Find the area of the triangle $\triangle ABC$ embedded in a circle

Question

Find the area $ABC$ of the triangle.

Are these similar triangles? Can I just use a ratio of the sides to find the area?

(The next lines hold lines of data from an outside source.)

(* Let $m,n$ be natural numbers. If the $n$-th term $G(n,m)$ of the Goodstein sequence $G(m)$ is $0$, then $n=2(2n_2+1)$ for some natural number $n_2$ such that the hereditary representation of $G(n_2-1,m)$ in base $n_2$ is $2\cdot n_2^{1}+0\cdot n_2^{0}$.
   Context: For a natural number base $b>1$, the hereditary representation $m\langle b\rangle$ of $m$ is $\sum_{i=0}^{l} a_i b^{i}$ with $0\le a_i<b$, $a_l\ne0$, each exponent itself written in hereditary representation in base $b$, recursively. $m\langle b\rangle''$ is obtained by syntactically replacing every $b$ by $b+1$ in $m\langle b\rangle$. The Goodstein sequence $G(m)=\{m, m''-1, (m''-1)''-1,\dots\}$ starts from $m$ in base $2$; its $n$-th term is $G(n,m)$, with $G(1,m)=m$ in base $2$, $G(k,m)$ written in base $k+1$, and $G(k+1,m)=G(k,m)\langle k+1\rangle''-1$. *)

From mathcomp Require Import all_boot.
Set Implicit Arguments. Unset Strict Implicit. Unset Printing Implicit Defensive.

(* Hereditary normal forms: [HN [:: (a_0, e_0); ...; (a_l, e_l)]] denotes
   the formal expression  a_0 * b^(e_0) + ... + a_l * b^(e_l),
   where each exponent e_i is itself such a formal expression. *)
Inductive hnf : Type := HN : seq (nat * hnf) -> hnf.

(* Evaluate a formal expression with base b.  Evaluating the hereditary
   representation in base b+1 is the syntactic replacement b |-> b+1. *)
Fixpoint heval (b : nat) (t : hnf) : nat :=
  let: HN l := t in
  (fix go (l : seq (nat * hnf)) : nat :=
     match l with
     | [::] => 0
     | (a, e) :: l' => a * b ^ (heval b e) + go l'
     end) l.

(* Base-b digits of m, little-endian (a_0, ..., a_l), with a_l <> 0;
   empty for m = 0.  (m steps of fuel suffice for b > 1.) *)
Fixpoint digits_aux (fuel b m : nat) : seq nat :=
  match fuel with
  | 0 => [::]
  | f.+1 => if m is 0 then [::] else m %% b :: digits_aux f b (m %/ b)
  end.
Definition digits (b m : nat) : seq nat := digits_aux m b m.

(* Hereditary representation m<b> = sum_{i=0}^{l} a_i b^i, every exponent i
   (including those with a_i = 0) written hereditarily in base b. *)
Fixpoint hrep_aux (fuel b m : nat) : hnf :=
  match fuel with
  | 0 => HN [::]
  | f.+1 => HN [seq (nth 0 (digits b m) i, hrep_aux f b i)
                 | i <- iota 0 (size (digits b m))]
  end.
Definition hrep (b m : nat) : hnf := hrep_aux m.+1 b m.

Definition bump (b m : nat) : nat := heval b.+1 (hrep b m).

(* Goodstein sequence, indexed from 1: goodstein 1 m = Some m (base 2),
   goodstein k m is written in base k+1, and
   goodstein (k+1) m = (goodstein k m)<k+1>'' - 1.
   The sequence terminates once it reaches 0: terms after a 0 term (and
   the non-existent term of index 0) are None. *)
Fixpoint goodstein (n m : nat) : option nat :=
  match n with
  | 0 => None
  | k.+1 =>
      if k is 0 then Some m
      else match goodstein k m with
           | Some x => if x == 0 then None else Some (bump k.+1 x - 1)
           | None => None
           end
  end.

(* The formal expression 2 * b^1 + 0 * b^0 (exponents in hereditary form:
   0 is the empty sum, 1 = 1 * b^0). *)
Definition two_b_plus_zero : hnf :=
  HN [:: (0, HN [::]); (2, HN [:: (1, HN [::])])].

From mathcomp Require Import all_boot zify.
Set Implicit Arguments. Unset Strict Implicit. Unset Printing Implicit Defensive.

(* Evaluating a number's base-b digits in base b+1 gains at least the number
   formed by its higher digits, so [bump b x >= x + x %/ b].  Hence, as long as
   a Goodstein term at base b is at least 2b and is not exactly 2b (with b > 2),
   the next term is at least 2(b+1): by induction this persists until the term
   equals 2b for some base b = n2 > 2.  From there the sequence is explicit:
   2b becomes (b+1) + b, the units digit then decreases by one per step
   until the term is 2b+1 at base 2b+2, where it is a single digit and
   counts down to 0, reached at index 2(2b+1).  Termination is unique, since a
   Goodstein sequence stops after its first zero. *)

Definition eval_digits (c : nat) (s : seq nat) : nat :=
  \sum_(i < size s) nth 0 s i * c ^ i.

Lemma eval_digits_cons c d s : eval_digits c (d :: s) = d + c * eval_digits c s.
Proof.
rewrite /eval_digits big_ord_recl /= expn0 muln1 big_distrr; congr addn.
by apply: eq_bigr => i _; rewrite expnS mulnCA.
Qed.

Lemma leq_eval_digits s c c' : c <= c' -> eval_digits c s <= eval_digits c' s.
Proof.
move=> le_cc'; elim: s => [|d s IHs]; first by rewrite /eval_digits !big_ord0.
by rewrite !eval_digits_cons leq_add2l leq_mul.
Qed.

Lemma heval_HN c l : heval c (HN l) = \sum_(p <- l) p.1 * c ^ heval c p.2.
Proof.
elim: l => [|[a e] l IHl]; first by rewrite big_nil.
by rewrite big_cons -IHl.
Qed.

Lemma bump0 b : bump b 0 = 0.
Proof. by []. Qed.

Section Digits.

Variable b : nat.
Hypothesis b_gt1 : 1 < b.

Lemma digits_aux_fuel f1 f2 x :
  x <= f1 -> x <= f2 -> digits_aux f1 b x = digits_aux f2 b x.
Proof.
elim: f1 f2 x => [|f1 IHf] [|f2] [|x] //= le_x1 le_x2.
have lt_div := ltn_Pdiv b_gt1 (ltn0Sn x).
by congr cons; apply: IHf; lia.
Qed.

Lemma digits_pos x : 0 < x -> digits b x = x %% b :: digits b (x %/ b).
Proof.
case: x => [//|x] _; rewrite /digits /=; congr cons.
by apply: digits_aux_fuel => //; have := ltn_Pdiv b_gt1 (ltn0Sn x); lia.
Qed.

Lemma digits_add_mul c y :
  c < b -> 0 < c + b * y -> digits b (c + b * y) = c :: digits b y.
Proof.
move=> lt_cb pos; rewrite digits_pos // addnC mulnC modnMDl modn_small //.
by rewrite divnMDl ?divn_small ?addn0 //; lia.
Qed.

Lemma digits_digit c : 0 < c < b -> digits b c = [:: c].
Proof.
case/andP=> c_gt0 lt_cb.
by have := @digits_add_mul c 0 lt_cb; rewrite muln0 addn0 => ->.
Qed.

Lemma size_digits x : size (digits b x) <= x.
Proof.
elim/ltn_ind: x => [[//|x] IHx]; rewrite digits_pos //=.
by have lt_div := ltn_Pdiv b_gt1 (ltn0Sn x); have := IHx _ lt_div; lia.
Qed.

Lemma digitsK x : eval_digits b (digits b x) = x.
Proof.
elim/ltn_ind: x => [[|x] IHx]; first by rewrite /eval_digits big_ord0.
rewrite digits_pos // eval_digits_cons IHx; last exact: ltn_Pdiv.
by rewrite mulnC addnC -divn_eq.
Qed.

Lemma hrep_aux_fuel f1 f2 x :
  x < f1 -> x < f2 -> hrep_aux f1 b x = hrep_aux f2 b x.
Proof.
elim: f1 f2 x => [|f1 IHf] [|f2] x //= lt_x1 lt_x2; congr HN.
apply/eq_in_map => i; rewrite mem_iota => /andP[_ lt_i].
by congr (_, _); apply: IHf; have := size_digits x; lia.
Qed.

Lemma hrepE x :
  hrep b x = HN [seq (nth 0 (digits b x) i, hrep b i) | i <- iota 0 (size (digits b x))].
Proof.
rewrite /hrep [hrep_aux x.+1 b x]/=; congr HN.
apply/eq_in_map => i; rewrite mem_iota => /andP[_ lt_i].
by congr (_, _); apply: hrep_aux_fuel; have := size_digits x; lia.
Qed.

Lemma bumpE x :
  bump b x = \sum_(i < size (digits b x)) nth 0 (digits b x) i * b.+1 ^ bump b i.
Proof.
rewrite {1}/bump hrepE heval_HN big_map -{1}[size _]subn0 -/(index_iota 0 _).
by rewrite big_mkord.
Qed.

Lemma eval_digits_le_bump x :
  (forall i, i < size (digits b x) -> i <= bump b i) ->
  eval_digits b.+1 (digits b x) <= bump b x.
Proof.
move=> le_bump; rewrite bumpE; apply: leq_sum => i _.
by rewrite leq_mul2l leq_pexp2l ?le_bump ?orbT.
Qed.

Lemma leq_bump x : x <= bump b x.
Proof.
elim/ltn_ind: x => x IHx; rewrite -{1}(digitsK x).
apply: leq_trans (leq_eval_digits _ (leqnSn b)) _.
apply: eval_digits_le_bump => i lt_i; apply: IHx; have := size_digits x; lia.
Qed.

Lemma bump_ge_add_div x : x + x %/ b <= bump b x.
Proof.
case: (posnP x) => [-> |x_gt0]; first by rewrite div0n.
apply: leq_trans _ (eval_digits_le_bump (fun i _ => leq_bump i)).
rewrite digits_pos // eval_digits_cons.
have := leq_eval_digits (digits b (x %/ b)) (leqnSn b); rewrite digitsK.
by have := divn_eq x b; nia.
Qed.

Lemma bump_digit c : c < b -> bump b c = c.
Proof.
case: (posnP c) => [-> //|c_gt0 lt_cb].
by rewrite bumpE digits_digit ?c_gt0 // big_ord1 /= muln1.
Qed.

Lemma bump_two_digits c d : c < b -> d < b -> bump b (c + b * d) = c + b.+1 * d.
Proof.
move=> lt_cb lt_db; case: (posnP d) => [->|d_gt0].
  by rewrite !muln0 !addn0 bump_digit.
rewrite bumpE digits_add_mul ?digits_digit ?d_gt0 //; last by lia.
by rewrite big_ord_recl big_ord1 /= bump0 (@bump_digit 1) // expn0 expn1 muln1 mulnC.
Qed.

End Digits.

Lemma hrep_double b : 2 < b -> hrep b (2 * b) = two_b_plus_zero.
Proof.
move=> b_gt2; have b_gt1 : 1 < b := ltnW b_gt2.
have digits_2b : digits b (2 * b) = [:: 0; 2].
  by rewrite mulnC -[b * 2]add0n digits_add_mul ?digits_digit //; lia.
by rewrite hrepE // digits_2b /= [hrep b 1]hrepE // digits_digit.
Qed.

Lemma bump_ge_double b x :
  1 < b -> 2 * b <= x -> (x != 2 * b) || (b == 2) -> 2 * b + 3 <= bump b x.
Proof.
(* For [x = 2 * 2 = 2^2] the bound below is too weak, but [x] bumps to [3^3]. *)
move=> b_gt1 le_2b_x; case: eqP => [-> /= /eqP -> //|/eqP ne_x _].
have le2_div : 2 <= x %/ b by rewrite leq_divRL 1?mulnC //; lia.
by have := bump_ge_add_div b_gt1 x; lia.
Qed.

Section Goodstein.

Variable m : nat.

Lemma goodsteinS k : 0 < k ->
  goodstein k.+1 m =
    if goodstein k m is Some x then
      if x == 0 then None else Some (bump k.+1 x - 1)
    else None.
Proof. by case: k. Qed.

Lemma goodstein_step k x : 0 < k -> goodstein k m = Some x -> 0 < x ->
  goodstein k.+1 m = Some (bump k.+1 x - 1).
Proof. by move=> k_gt0 gk x_gt0; rewrite goodsteinS // gk eqn0Ngt x_gt0. Qed.

Lemma goodstein_after_zero i j :
  goodstein i m = Some 0 -> i < j -> goodstein j m = None.
Proof.
move=> gi; have i_gt0 : 0 < i by case: i gi.
elim: j => [//|j IHj]; rewrite ltnS leq_eqVlt => /orP[/eqP eq_ij|lt_ij].
  by rewrite -eq_ij goodsteinS // gi.
by rewrite goodsteinS ?IHj //; lia.
Qed.

Lemma goodstein_zero_uniq i j :
  goodstein i m = Some 0 -> goodstein j m = Some 0 -> i = j.
Proof.
move=> gi gj; case: (ltngtP i j) => [lt_ij|lt_ji|//].
  by rewrite (goodstein_after_zero gi lt_ij) in gj.
by rewrite (goodstein_after_zero gj lt_ji) in gi.
Qed.

Lemma goodstein_countdown j x : 0 < j -> goodstein j m = Some x -> x <= j ->
  goodstein (j + x) m = Some 0.
Proof.
elim: x j => [|x IHx] j j_gt0 gj le_xj; first by rewrite addn0.
rewrite -addSnnS; apply: IHx => //; last by lia.
by rewrite (goodstein_step j_gt0 gj) // bump_digit ?subn1.
Qed.

Lemma goodstein_step_base_add j c : 0 < j -> c <= j ->
  goodstein j m = Some (j.+1 + c) -> goodstein j.+1 m = Some (j.+1 + c).
Proof.
move=> j_gt0 le_cj gj; rewrite (goodstein_step j_gt0 gj) ?addn_gt0 //.
have -> : j.+1 + c = c + j.+1 * 1 by lia.
by rewrite bump_two_digits //; congr Some; lia.
Qed.

Lemma goodstein_base_add j c : 0 < j -> c <= j ->
  goodstein j m = Some (j.+1 + c) -> goodstein (j + c).+1 m = Some (j + c).+1.
Proof.
elim: c j => [|c IHc] j j_gt0 le_cj gj.
  by have := goodstein_step_base_add j_gt0 le_cj gj; rewrite !addn0.
rewrite -addSnnS; apply: IHc => //; first by lia.
by rewrite (goodstein_step_base_add j_gt0 le_cj gj) addnS.
Qed.

Lemma goodstein_from_double k : 1 < k -> goodstein k m = Some (2 * k.+1) ->
  goodstein (2 * (2 * k.+1 + 1)) m = Some 0.
Proof.
move=> k_gt1 gk.
have gk1 : goodstein k.+1 m = Some (k.+2 + k.+1).
  rewrite (goodstein_step (ltnW k_gt1) gk) ?muln_gt0 //.
  by rewrite -[2 * k.+1]add0n mulnC bump_two_digits //; [congr (Some _)|]; lia.
have -> : 2 * (2 * k.+1 + 1) = (k.+1 + k.+1).+1 + (k.+1 + k.+1).+1 by lia.
exact: goodstein_countdown _ (goodstein_base_add _ _ gk1) (leqnn _).
Qed.

Lemma goodstein_large_step k x : 0 < k -> goodstein k m = Some x ->
  2 * k.+1 <= x -> (x != 2 * k.+1) || (k == 1) ->
  exists2 y, goodstein k.+1 m = Some y & 2 * k.+2 <= y.
Proof.
move=> k_gt0 gk le_x not_double; rewrite (goodstein_step k_gt0 gk); last by lia.
exists (bump k.+1 x - 1) => //.
by have := @bump_ge_double k.+1 x k_gt0 le_x not_double; lia.
Qed.

Lemma goodstein_reaches_double n : 4 <= m -> goodstein n m = Some 0 ->
  exists2 k, 1 < k & goodstein k m = Some (2 * k.+1).
Proof.
move=> m_ge4 gn.
suff: forall j, (exists2 x, goodstein j.+1 m = Some x & 2 * j.+2 <= x) \/
                exists2 k, 1 < k & goodstein k m = Some (2 * k.+1).
  case: n gn => [//|j] gn /(_ j) [[x]|//]; rewrite gn => -[<-]; lia.
elim=> [|j [[x gj le_x]|]]; [by left; exists m| |by right].
case: (boolP ((x != 2 * j.+2) || (j.+1 == 1))) => [not_double|].
  by left; apply: goodstein_large_step not_double.
rewrite negb_or negbK => /andP[/eqP x_eq j_ne0].
by right; exists j.+1; [lia | rewrite gj x_eq].
Qed.

End Goodstein.

Theorem lemma7 (m n : nat) :
  4 <= m ->
  goodstein n m = Some 0 ->
  exists n2 : nat,
    n = 2 * (2 * n2 + 1) /\ 1 < n2 /\
    exists v : nat, goodstein (n2 - 1) m = Some v /\ hrep n2 v = two_b_plus_zero.
Proof.
move=> m_ge4 gn.
have [k k_gt1 gk] := goodstein_reaches_double m_ge4 gn.
exists k.+1; split; first exact: goodstein_zero_uniq gn (goodstein_from_double k_gt1 gk).
split; first exact: ltnW.
by exists (2 * k.+1); rewrite subn1 hrep_double.
Qed.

I solved for all sides of the large triangle and got $5,7,\sqrt(74)$. Then used similar triangles to get the 2 missing sides of the smaller triangle. My final area was $3.87 $

Answer 1

We know that: $$\angle{DAE}=\arctan(5/7)\rightarrow \sin(\angle{DAE}=5/\sqrt{74}$$ Now, because $ABC$ is a right triangle, we have: $$A=\frac{1}{2}AB\cdot AC \sin(\angle{DAE})=\frac{1}{2}AB^2\sin(\angle{DAE})\cos(\angle{DAE})$$ Substituing, we have: $$A=\frac{1}{2}\cdot4^2\cdot\frac{5}{\sqrt{74}}\frac{7}{\sqrt{74}}=\frac{140}{37}$$

Answer 2

Yes, they are similar triangles.

Thus, $$\frac{S_{\Delta ABC}}{S_{\Delta ADE}}=\left(\frac{AB}{AE}\right)^2,$$ which gives $$S_{\Delta ABC}=\frac{7\cdot 5}{2}\cdot\left(\frac{4}{\sqrt{7^2+5^2}}\right)^2=\frac{140}{37}=3.78....$$